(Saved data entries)

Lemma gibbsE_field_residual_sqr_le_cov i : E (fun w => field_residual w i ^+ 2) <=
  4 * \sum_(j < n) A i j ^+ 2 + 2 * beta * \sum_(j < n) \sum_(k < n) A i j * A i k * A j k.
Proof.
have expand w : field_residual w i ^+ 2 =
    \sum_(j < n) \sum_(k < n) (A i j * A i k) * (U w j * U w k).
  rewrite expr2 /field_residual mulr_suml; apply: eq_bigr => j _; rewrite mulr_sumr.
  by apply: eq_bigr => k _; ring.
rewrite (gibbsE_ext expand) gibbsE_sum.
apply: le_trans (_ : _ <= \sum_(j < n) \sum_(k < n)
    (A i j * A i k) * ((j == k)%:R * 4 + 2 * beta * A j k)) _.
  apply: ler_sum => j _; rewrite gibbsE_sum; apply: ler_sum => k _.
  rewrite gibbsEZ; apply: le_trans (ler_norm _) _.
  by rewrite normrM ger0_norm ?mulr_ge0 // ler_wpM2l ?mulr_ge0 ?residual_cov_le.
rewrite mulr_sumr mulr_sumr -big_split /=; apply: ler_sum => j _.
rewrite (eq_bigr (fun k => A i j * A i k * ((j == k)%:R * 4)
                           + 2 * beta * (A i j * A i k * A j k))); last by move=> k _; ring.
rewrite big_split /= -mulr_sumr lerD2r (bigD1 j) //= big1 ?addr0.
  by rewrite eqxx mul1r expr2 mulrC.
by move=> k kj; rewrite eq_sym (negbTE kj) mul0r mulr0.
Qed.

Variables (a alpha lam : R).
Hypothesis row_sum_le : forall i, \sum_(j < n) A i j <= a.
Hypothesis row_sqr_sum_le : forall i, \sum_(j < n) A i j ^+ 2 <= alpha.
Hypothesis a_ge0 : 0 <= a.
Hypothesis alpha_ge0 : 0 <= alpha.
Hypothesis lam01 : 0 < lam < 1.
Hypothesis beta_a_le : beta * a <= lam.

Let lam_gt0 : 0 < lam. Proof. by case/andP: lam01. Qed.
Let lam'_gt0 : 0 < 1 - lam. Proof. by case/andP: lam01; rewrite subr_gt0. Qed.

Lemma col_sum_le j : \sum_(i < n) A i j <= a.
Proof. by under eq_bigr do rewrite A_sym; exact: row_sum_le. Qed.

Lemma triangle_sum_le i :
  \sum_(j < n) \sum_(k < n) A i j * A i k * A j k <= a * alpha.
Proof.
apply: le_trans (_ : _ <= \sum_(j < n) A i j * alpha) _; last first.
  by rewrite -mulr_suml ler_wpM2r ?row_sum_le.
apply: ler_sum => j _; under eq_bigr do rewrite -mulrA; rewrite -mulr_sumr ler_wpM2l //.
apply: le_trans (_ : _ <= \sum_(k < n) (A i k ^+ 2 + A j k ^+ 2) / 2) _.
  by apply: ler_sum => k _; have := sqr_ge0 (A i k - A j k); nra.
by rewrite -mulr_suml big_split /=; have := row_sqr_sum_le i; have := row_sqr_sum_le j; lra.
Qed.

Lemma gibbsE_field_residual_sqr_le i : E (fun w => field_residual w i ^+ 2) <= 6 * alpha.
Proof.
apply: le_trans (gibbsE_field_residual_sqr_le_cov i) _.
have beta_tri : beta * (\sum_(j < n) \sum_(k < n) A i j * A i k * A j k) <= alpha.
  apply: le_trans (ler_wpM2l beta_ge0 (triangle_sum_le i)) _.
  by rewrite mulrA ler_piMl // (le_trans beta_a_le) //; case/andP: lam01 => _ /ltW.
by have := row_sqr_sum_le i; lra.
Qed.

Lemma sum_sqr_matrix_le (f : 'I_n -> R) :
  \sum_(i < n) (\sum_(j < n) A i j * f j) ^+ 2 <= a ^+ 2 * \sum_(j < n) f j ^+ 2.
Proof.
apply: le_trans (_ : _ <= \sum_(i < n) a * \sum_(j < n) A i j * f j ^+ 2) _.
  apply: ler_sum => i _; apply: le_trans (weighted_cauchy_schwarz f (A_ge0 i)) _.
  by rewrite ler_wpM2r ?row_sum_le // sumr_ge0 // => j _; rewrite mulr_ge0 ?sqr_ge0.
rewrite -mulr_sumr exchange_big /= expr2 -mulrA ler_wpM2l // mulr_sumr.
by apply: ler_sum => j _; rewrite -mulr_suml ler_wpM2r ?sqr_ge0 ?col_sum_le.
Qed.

--- About this exercise ---
Find each line of the data above that holds the word "under", then copy it.

--- Written response ---
Proof. by under eq_bigr do rewrite A_sym; exact: row_sum_le. Qed.
apply: ler_sum => j _; under eq_bigr do rewrite -mulrA; rewrite -mulr_sumr ler_wpM2l //.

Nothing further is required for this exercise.